He called me again thurs, but I haven't gotten back to him. I think I'll take him up on his free quote just to see where he's at money wise, and keep that in mind as I proceed. My neighbor doesn't think my trees are quite there yet (he's looking at max value), but I want to move forward on projects.

Something that unsettled me in our previous dealings was his insistence on driving his atv. I don't drive my land this close to archery opener, I'm not letting him!


----------



## redprospector (Sep 2, 2012)

Hmm. All this talk about wearing camo and moving slowly to keep from spooking one of these elusive creatures. Now the mention of archery season opening.... No wonder the guy's not showing up. 

Andy


----------



## hammerlogging (Sep 2, 2012)

redprospector said:


> Hmm. All this talk about wearing camo and moving slowly to keep from spooking one of these elusive creatures. Now the mention of archery season opening.... No wonder the guy's not showing up.
> 
> Andy



yup- in the south it seems like every crew takes a week off at thanksgiving for rifle season. cause nobody's gonna show anyhow.


----------



## Jim Timber (Sep 3, 2012)

Met with him today. Turns out, he's got 6 loggers he subcontracts with, so there's no conflict of interest.

Due to the wind damage this spring, there's a glut of wood on the market, so I'm going to wait to do a sale.


----------



## jay_d (Sep 5, 2012)

i think you have unrealistic expectations on what a "logging job" really is. be prepared to be sorely disappointed when you do get it cut, b/c landscapers make state parks look like that, loggers get the wood and it makes a mess, then we do just enough to keep the land owner from bad mouthing us.

when a timber dealer buys your wood, he buys your stems, not the stumps, and not the limbs, and not the leaves, and not the vines. make sure you have a diameter size and a length set up in your contract to what has to be picked up
ie all trees measuring 4 inches in butt diameter, and 12 foot in length with a 2 inch crown, must be considered merchantable, and treated as such. 

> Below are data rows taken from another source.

Lemma stable_swap_act s : stable_suffix s -> stable_suffix (map swap (act a s)).
Proof.
case: s => [|x s] //; rewrite /stable_suffix /= => /andP[/andP[_ cs] /eqP->].
by rewrite (negbTE a_neq0) eqxx /= swap0 all_map (eq_all cyc_swap) cs cyca eqxx.
Qed.

Lemma iter_act_cons2 x w t : cyc_letter x ->
  iter t.*2 (act a) (x :: w) = x :: iter t (act a) w.
Proof.
move=> /orP[] /eqP->; elim: t => //= t ->;
  by rewrite ?act_cons0 (act_cons_self _ a_neq0) ?act_cons0.
Qed.

Lemma iter_act_period w : all cyc_letter w -> iter (2 ^ size w) (act a) w = w.
Proof.
elim: w => //= x w IH /andP[cx /IH cw].
by rewrite expnS mul2n iter_act_cons2 // cw.
Qed.

Lemma act_reach w : all cyc_letter w ->
  exists t, iter t (act a) (nseq (size w) ord0) = w.
Proof.
elim: w => [|x w IH]; first by exists 0.
case/andP=> /orP[] /eqP-> /[dup] cw /IH[t Ht].
  by exists t.*2; rewrite iter_act_cons2 ?Ht.
(* a :: w = e_a (0 :: e_a^-1 w), and e_a^-1 = e_a^(2^|w| - 1) on {0, a}-words. *)
exists ((2 ^ size w + t).-1.*2.+1).
rewrite iterS iter_act_cons2 ?cyc0 // act_cons0 -iterS prednK ?addn_gt0 ?expn_gt0 //.
by rewrite iterD Ht iter_act_period.
Qed.

Lemma retract_id w : all cyc_letter w -> retract w = w.
Proof. by case: w => //= x w ->. Qed.

Lemma all_cyc_retract w : all cyc_letter (retract w).
Proof. by elim: w => //= x w IH; case: ifP => //= _; rewrite IH cyc0. Qed.

Lemma retract_cons0 w : retract (ord0 :: w) = ord0 :: retract w.
Proof. by rewrite /=; case: ifP => // /retract_id->. Qed.

Lemma size_retract w : size (retract w) = size w.
Proof. by elim: w => //= x w IH; case: ifP => //= _; rewrite IH. Qed.

Lemma retract_act c w : c != ord0 ->
  retract (act c w) = if (c == a) && all cyc_letter w then act a w else retract w.
Proof.
move=> c0; elim: w => [|x w IH]; first by case: ifP.
have cyc_c : c != a -> cyc_letter c = false.
  by move=> ca; rewrite /cyc_letter (negbTE c0) (negbTE ca).
case: (x =P ord0) => [->|/eqP x0].
  rewrite act_cons0 retract_cons0 /=; move: IH; case: (c =P a) => [->|/eqP ca] IH /=.
    by rewrite cyca all_cyc_act /=; case: ifP => cw //; rewrite IH ?eqxx cw.
  by rewrite cyc_c // IH.
case: (x =P c) => [->|/eqP xc].
  rewrite act_cons_self // retract_cons0; case: (c =P a) => [->|/eqP ca].
    rewrite act_cons_self // /= cyca /=.
    by case: ifP => cw; [rewrite retract_id | rewrite cw].
  by rewrite /= cyc_c.
rewrite act_cons_fix //; case: (c =P a) => [ca|] //=; case: ifP => // xw.
by rewrite (negbTE x0) -ca (negbTE xc).
Qed.
(* Let $\lambda$ be an infinite cardinal with $\lambda=\lambda^{\aleph_0}>|R|$, let $T$ be the set of all finite sequences $\tau\colon n\to\lambda$ ($n\in\omega$), and let $E=\bigoplus_{\tau\in T}R\tau$ be the free $R$-module with basis $T$. Let $H$ be a cotorsion-free $R$-module of cardinality less than $\lambda$, let $\widehat E$, $\widehat H$ be the $\mathbb S$-adic completions and $\widehat B=\widehat E\oplus\widehat H$, and let $\pi\colon\widehat B\to\widehat H$ be the canonical projection with kernel $\widehat E$. Let $H'\subseteq H$ be a pure submodule, $E'$ a direct summand of $E$, and let $\varphi\colon\mathrm{Dom}(\varphi)\to\widehat E\oplus H$ be an $R$-homomorphism defined on a submodule $\mathrm{Dom}(\varphi)$ with $E'\subseteq\mathrm{Dom}(\varphi)\subseteq\widehat E\oplus H'$, both inclusions pure, and $\pi(\mathrm{Dom}(\varphi))=H'$. Then $\varphi$ has a unique extension to an $R$-homomorphism $\widehat\varphi\colon\widehat{E'}\oplus H'\to\widehat E\oplus\widehat H=\widehat B$.
   Context: Standing setting: $R$ is a commutative ring with $1$ with a distinguished countable multiplicatively closed subset $\mathbb S=\{s_n:n\in\omega\}$ such that $R$ is $\mathbb S$-reduced and $\mathbb S$-torsion-free and cotorsion-free. $\widehat R$ and $\widehat M$ denote $\mathbb S$-adic completions (topology with neighbourhoods of zero $q_mM$, $q_m=\prod_{n<m}s_n$). An $R$-module $M$ is cotorsion-free if $\mathrm{Hom}_R(\widehat R,M)=0$. A submodule $N\subseteq M$ is pure if $sM\cap N=sN$ for all $s\in\mathbb S$. *)

From mathcomp Require Import all_boot all_order all_algebra.
Set Implicit Arguments. Unset Strict Implicit. Unset Printing Implicit Defensive.
Import GRing.Theory.
Local Open Scope ring_scope.

(* Setting: R commutative ring, S = {s n : n in nat} countable, multiplic-   *)
(* atively closed.  q m = prod_{n<m} s n.  The S-adic completion of a module *)
(* M is represented (Bishop/setoid style) by S-adic Cauchy sequences         *)
(* nat -> M modulo the relation [ceq] of having S-adic limit-difference 0;   *)
(* this is exactly the inverse limit  lim M / q_m M.                          *)

Section SadicDefs.
Variables (R : comPzRingType) (s : nat -> R).

Definition qS (m : nat) : R := \prod_(n < m) s n.

Definition mult_closed_seq : Prop :=
  (exists n, s n = 1) /\ (forall n m, exists k, s n * s m = s k).

Definition S_torsion_free (M : lmodType R) : Prop :=
  forall n (x : M), s n *: x = 0 -> x = 0.

Definition S_reduced (M : lmodType R) : Prop :=
  forall x : M, (forall n, exists y, x = s n *: y) -> x = 0.

Definition is_submod (M : lmodType R) (P : M -> Prop) : Prop :=
  P 0 /\ (forall x y, P x -> P y -> P (x + y)) /\
  (forall (r : R) x, P x -> P (r *: x)).

Definition pure_submod (M : lmodType R) (N : M -> Prop) : Prop :=
  is_submod N /\
  forall n (x : M), N x -> (exists y : M, x = s n *: y) ->
    exists y, N y /\ x = s n *: y.

Definition direct_summand (M : lmodType R) (P : M -> Prop) : Prop :=
  is_submod P /\ exists Q : M -> Prop, is_submod Q /\
    (forall x, P x -> Q x -> x = 0) /\
    (forall x, exists a b, P a /\ Q b /\ x = a + b).

Definition in_qM (M : lmodType R) (k : nat) (x : M) : Prop :=
  exists y : M, x = qS k *: y.

Definition cauchy (M : lmodType R) (x : nat -> M) : Prop :=
  forall k, exists N, forall n m, (N <= n)%N -> (N <= m)%N -> in_qM k (x n - x m).

Definition ceq (M : lmodType R) (x y : nat -> M) : Prop :=
  forall k, exists N, forall n, (N <= n)%N -> in_qM k (x n - y n).

Definition sadd (M : lmodType R) (x y : nat -> M) : nat -> M := fun n => x n + y n.
Definition sscale (M : lmodType R) (r : R) (x : nat -> M) : nat -> M := fun n => r *: x n.
Definition sconst (M : lmodType R) (m : M) : nat -> M := fun _ => m.

Definition csubmod (M : lmodType R) (D : (nat -> M) -> Prop) : Prop :=
  (forall x, D x -> cauchy x) /\
  (forall x y, D x -> cauchy y -> ceq x y -> D y) /\
  D (sconst 0) /\
  (forall x y, D x -> D y -> D (sadd x y)) /\
  (forall r x, D x -> D (sscale r x)).

Definition chom (M N : lmodType R) (D : (nat -> M) -> Prop)
  (f : (nat -> M) -> (nat -> N)) : Prop :=
  (forall x, D x -> cauchy (f x)) /\
  (forall x y, D x -> D y -> ceq x y -> ceq (f x) (f y)) /\
  (forall x y, D x -> D y -> ceq (f (sadd x y)) (sadd (f x) (f y))) /\
  (forall r x, D x -> ceq (f (sscale r x)) (sscale r (f x))).

Definition cotorsion_free (M : lmodType R) : Prop :=
  forall f : (nat -> R^o) -> M,
    (forall x y, cauchy x -> cauchy y -> ceq x y -> f x = f y) ->
    (forall x y, cauchy x -> cauchy y -> f (sadd x y) = f x + f y) ->
    (forall r x, cauchy x -> f (sscale r x) = r *: f x) ->
    forall x, cauchy x -> f x = 0.

End SadicDefs.

Definition free_basis (R : comPzRingType) (E : lmodType R) (T : eqType)
  (b : T -> E) : Prop :=
  (forall x : E, exists r : seq (R * T), x = \sum_(p <- r) p.1 *: b p.2) /\
  (forall (ts : seq T) (c : T -> R), uniq ts ->
     \sum_(t <- ts) c t *: b t = 0 -> forall t, t \in ts -> c t = 0).

Definition card_lt (A B : Type) : Prop :=
  (exists f : A -> B, injective f) /\ ~ (exists g : B -> A, injective g).

From mathcomp Require Import all_boot all_order all_algebra zify.
From Stdlib Require Import ClassicalEpsilon.
Import GRing.Theory.
Local Open Scope ring_scope.
Set Implicit Arguments. Unset Strict Implicit.

(* Two facts drive the proof.  Density: since pi (Dom phi) = H' and Dom phi contains
   the summand E' of the S-torsion-free module E, every x in \hat{E'} (+) H' is
   approximated by some d in Dom phi with x - d in q_k (\hat{E'} (+) H').
   Continuity: since Dom phi is pure in \hat E (+) H', d - d' in q_k (\hat E (+) H')
   forces d - d' in q_k Dom phi, hence phi d - phi d' in q_k \hat B.  So the
   extension at x is the S-adic limit of phi d along such approximations, and any
   homomorphic extension psi agrees with it, as psi x - phi d = psi (x - d) lies in
   q_k \hat B. *)

Lemma subr_tri (V : zmodType) (a b c d : V) : a - b = (a - c) + (c - d) - (b - d).
Proof. by rewrite opprB !addrA !subrK. Qed.

Lemma subrBB (V : zmodType) (x a b : V) : (x - b) - (x - a) = a - b.
Proof. by rewrite opprB addrC addrA subrK. Qed.

Lemma nat_monotone_majorant (C : nat -> nat) :
  exists B : nat -> nat, {homo B : m n / (m <= n)%N} /\ forall n, (C n <= B n)%N.
Proof.
exists (fun n => \sum_(0 <= i < n.+1) C i)%N; split=> [m n hmn | n].
  by rewrite (@big_cat_nat _ _ _ m.+1 0 n.+1) ?ltnS //=; apply: leq_addr.
by rewrite big_nat_recr //=; apply: leq_addl.
Qed.

Section Completion.
Variables (R : comPzRingType) (s : nat -> R).
Local Notation q := (qS s).

Lemma qS_S k : q k.+1 = q k * s k.
Proof. by rewrite /qS big_ord_recr. Qed.

Lemma qS_dvd j k : (j <= k)%N -> exists c, q k = q j * c.
Proof.
elim: k => [|k IH] hjk.
  by move: hjk; rewrite leqn0 => /eqP ->; exists 1; rewrite mulr1.
case: (leqP j k) => [/IH [c hc] | hkj]; first by exists (c * s k); rewrite qS_S hc mulrA.
have -> : j = k.+1 by apply/eqP; rewrite eqn_leq hjk hkj.
by exists 1; rewrite mulr1.
Qed.

Lemma qS_in_S : mult_closed_seq s -> forall k, exists m, q k = s m.
Proof.
move=> [[n0 s_n0] s_mul]; elim=> [|k [m qk]]; last by rewrite qS_S qk; apply: s_mul.
by exists n0; rewrite s_n0 /qS big_ord0.
Qed.

Section Module.
Variable M : lmodType R.
Implicit Types (x y : M) (u v w : nat -> M).

Lemma in_qM0 k : in_qM s k (0 : M).
Proof. by exists 0; rewrite scaler0. Qed.

Lemma in_qMD k x y : in_qM s k x -> in_qM s k y -> in_qM s k (x + y).
Proof. by move=> [a ->] [b ->]; exists (a + b); rewrite scalerDr. Qed.

Lemma in_qMZ k r x : in_qM s k x -> in_qM s k (r *: x).
Proof. by move=> [a ->]; exists (r *: a); rewrite !scalerA mulrC. Qed.

Lemma in_qMN k x : in_qM s k x -> in_qM s k (- x).
Proof. by move=> [a ->]; exists (- a); rewrite scalerN. Qed.

Lemma in_qMB k x y : in_qM s k x -> in_qM s k y -> in_qM s k (x - y).
Proof. by move=> hx hy; apply: in_qMD => //; apply: in_qMN. Qed.

Lemma in_qM_le j k x : (j <= k)%N -> in_qM s k x -> in_qM s j x.
Proof. by move=> /qS_dvd [c hc] [a ->]; exists (c *: a); rewrite hc scalerA. Qed.

Definition ev_qM k u := exists N, forall n, (N <= n)%N -> in_qM s k (u n).

Definition ssub u v := sadd u (sscale (-1) v).

Lemma ssubE u v n : ssub u v n = u n - v n.
Proof. by rewrite /ssub /sadd /sscale scaleN1r. Qed.

Lemma eq_ev_qM k u v : (forall n, u n = v n) -> ev_qM k u -> ev_qM k v.
Proof. by move=> e [N h]; exists N => n hn; rewrite -e; apply: h. Qed.

Lemma ev_qMD k u v : ev_qM k u -> ev_qM k v -> ev_qM k (fun n => u n + v n).
Proof.
move=> [N1 h1] [N2 h2]; exists (maxn N1 N2) => n; rewrite geq_max => /andP[n1 n2].
by apply: in_qMD; [apply: h1 | apply: h2].
Qed.

Lemma ev_qMZ k r u : ev_qM k u -> ev_qM k (fun n => r *: u n).
Proof. by move=> [N h]; exists N => n hn; apply/in_qMZ/h. Qed.

Lemma ev_qMN k u : ev_qM k u -> ev_qM k (fun n => - u n).
Proof. by move=> [N h]; exists N => n hn; apply/in_qMN/h. Qed.

Lemma ceq_refl u : ceq s u u.
Proof. by move=> k; exists 0%N => n _; rewrite subrr; apply: in_qM0. Qed.

Lemma ceq_sym u v : ceq s u v -> ceq s v u.
Proof. by move=> h k; apply: eq_ev_qM (ev_qMN (h k)) => n; apply: opprB. Qed.

Lemma ceq_trans u v w : ceq s u v -> ceq s v w -> ceq s u w.
Proof.
by move=> h1 h2 k; apply: eq_ev_qM (ev_qMD (h1 k) (h2 k)) => n; rewrite addrA subrK.
Qed.

Lemma ceq_eventually u v : (exists N, forall n, (N <= n)%N -> u n = v n) -> ceq s u v.
Proof. by move=> [N h] k; exists N => n hn; rewrite h // subrr; apply: in_qM0. Qed.

Lemma ceq_pointwise u v : (forall n, u n = v n) -> ceq s u v.
Proof. by move=> h; apply: ceq_eventually; exists 0%N. Qed.

Lemma ceqD u u' v v' : ceq s u u' -> ceq s v v' -> ceq s (sadd u v) (sadd u' v').
Proof.
move=> h1 h2 k; apply: eq_ev_qM (ev_qMD (h1 k) (h2 k)) => n.
by rewrite /sadd opprD addrACA.
Qed.

Lemma ceqZ r u u' : ceq s u u' -> ceq s (sscale r u) (sscale r u').
Proof. by move=> h k; apply: eq_ev_qM (ev_qMZ r (h k)) => n; apply: scalerBr. Qed.

Lemma ceq_ssub u u' v v' : ceq s u u' -> ceq s v v' -> ceq s (ssub u v) (ssub u' v').
Proof. by move=> h1 h2; apply: ceqD => //; apply: ceqZ. Qed.

Lemma ev_qM_ceq k u v : ev_qM k u -> ceq s u v -> ev_qM k v.
Proof.
move=> hu huv; apply: eq_ev_qM (ev_qMD hu (ev_qMN (huv k))) => n.
by rewrite opprB addrC subrK.
Qed.

Lemma ev_qM_ceq_scale k u w : ceq s u (sscale (q k) w) -> ev_qM k u.
Proof.
move=> h; apply: ev_qM_ceq (ceq_sym h).
by exists 0%N => n _; exists (w n).
Qed.

Lemma cauchy_const x : cauchy s (sconst x).
Proof. by move=> k; exists 0%N => n m _ _; rewrite /sconst subrr; apply: in_qM0. Qed.

Lemma cauchyD u v : cauchy s u -> cauchy s v -> cauchy s (sadd u v).
Proof.
move=> hu hv k; case: (hu k) (hv k) => N1 e1 [N2 e2].
exists (maxn N1 N2) => n m; rewrite !geq_max => /andP[n1 n2] /andP[m1 m2].
by rewrite /sadd opprD addrACA; apply: in_qMD; [apply: e1 | apply: e2].
Qed.

Lemma cauchyZ r u : cauchy s u -> cauchy s (sscale r u).
Proof.
move=> h k; case: (h k) => N e; exists N => n m hn hm.
by rewrite /sscale -scalerBr; apply/in_qMZ/e.
Qed.

Lemma cauchy_diagonal_limit (f : nat -> nat -> M) :
  (forall k, cauchy s (f k)) -> (forall k, ev_qM k (fun m => f k.+1 m - f k m)) ->
  exists v, cauchy s v /\ forall k, ev_qM k (fun m => v m - f k m).
Proof.
move=> f_cauchy f_step.
have [C hC] := choice _ (fun k => f_cauchy k k).
have [D hD] := choice _ f_step.
have [B [B_mono hB]] := nat_monotone_majorant (fun n => C n + D n)%N.
have telescope k n m : (k <= n)%N -> (B n <= m)%N -> in_qM s k (f n m - f k m).
  elim: n => [|n IH]; first by rewrite leqn0 => /eqP-> _; rewrite subrr; apply: in_qM0.
  rewrite leq_eqVlt ltnS => /orP[/eqP-> _ | kn Bm]; first by rewrite subrr; apply: in_qM0.
  have Bn : (B n <= m)%N by apply: leq_trans Bm; apply: B_mono.
  rewrite -[f n.+1 m](subrK (f n m)) -addrA; apply: in_qMD; last exact: IH.
  apply: in_qM_le kn _; apply: hD; apply: leq_trans Bn.
  by have := hB n; lia.
pose v n := f n (B n).
have v_near k n : (k <= n)%N -> (C k <= n)%N -> in_qM s k (v n - f k n).
  move=> kn Ckn; pose m := maxn (B n) n.
  have [Bm nm] : (B n <= m)%N /\ (n <= m)%N by rewrite leq_maxl leq_maxr.
  have CBn : (C n <= B n)%N by have := hB n; lia.
  have -> : v n - f k n = (f n (B n) - f n m) + (f n m - f k m) + (f k m - f k n).
    by rewrite !addrA !subrK.
  apply: in_qMD; first apply: in_qMD.
  - by apply: in_qM_le kn _; apply: hC => //; apply: leq_trans Bm.
  - exact: telescope.
  - by apply: hC => //; apply: leq_trans nm.
exists v; split=> k; last by exists (maxn k (C k)) => n; rewrite geq_max => /andP[]; apply: v_near.
exists (maxn k (C k)) => n m; rewrite !geq_max => /andP[kn Cn] /andP[km Cm].
rewrite (subr_tri _ _ (f k n) (f k m)).
by apply: in_qMB; first apply: in_qMD; [apply: v_near | apply: hC | apply: v_near].
Qed.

if its not in the contract then he doesnt have to do ANYTHING, if it slips by in the fine print that you authorize a clear cut, then by law he can clear cut your property. etc etc. read the contract and have it amended as you see fit.

finally make him give full disclosure on what the going rates at the mill are vs what your being paid. if you've ever heard of logging on the half, forget all about it, that is a thing of the past.



crown means tree top


----------



## Jim Timber (Sep 6, 2012)

My expectations are pretty reasonable: I don't expect the place to be manicured turf with fareway quality puttable grass when they're done. I'm stating my goal is to eventually end up with a park like area - it's going to take years!

I didn't think he's on board with my goals, and I'm pretty sure once my management plan is complete we won't be doing more business. He sees 2 tracks wide access paths as low disturbance - I want some areas cut with a chainsaw, so I keep the stems that aren't mature. He wants a fellerbuncher to cut it all and chip the slash.

Actually, right now he'd chip everything and buy it at $20/cord. No effen way!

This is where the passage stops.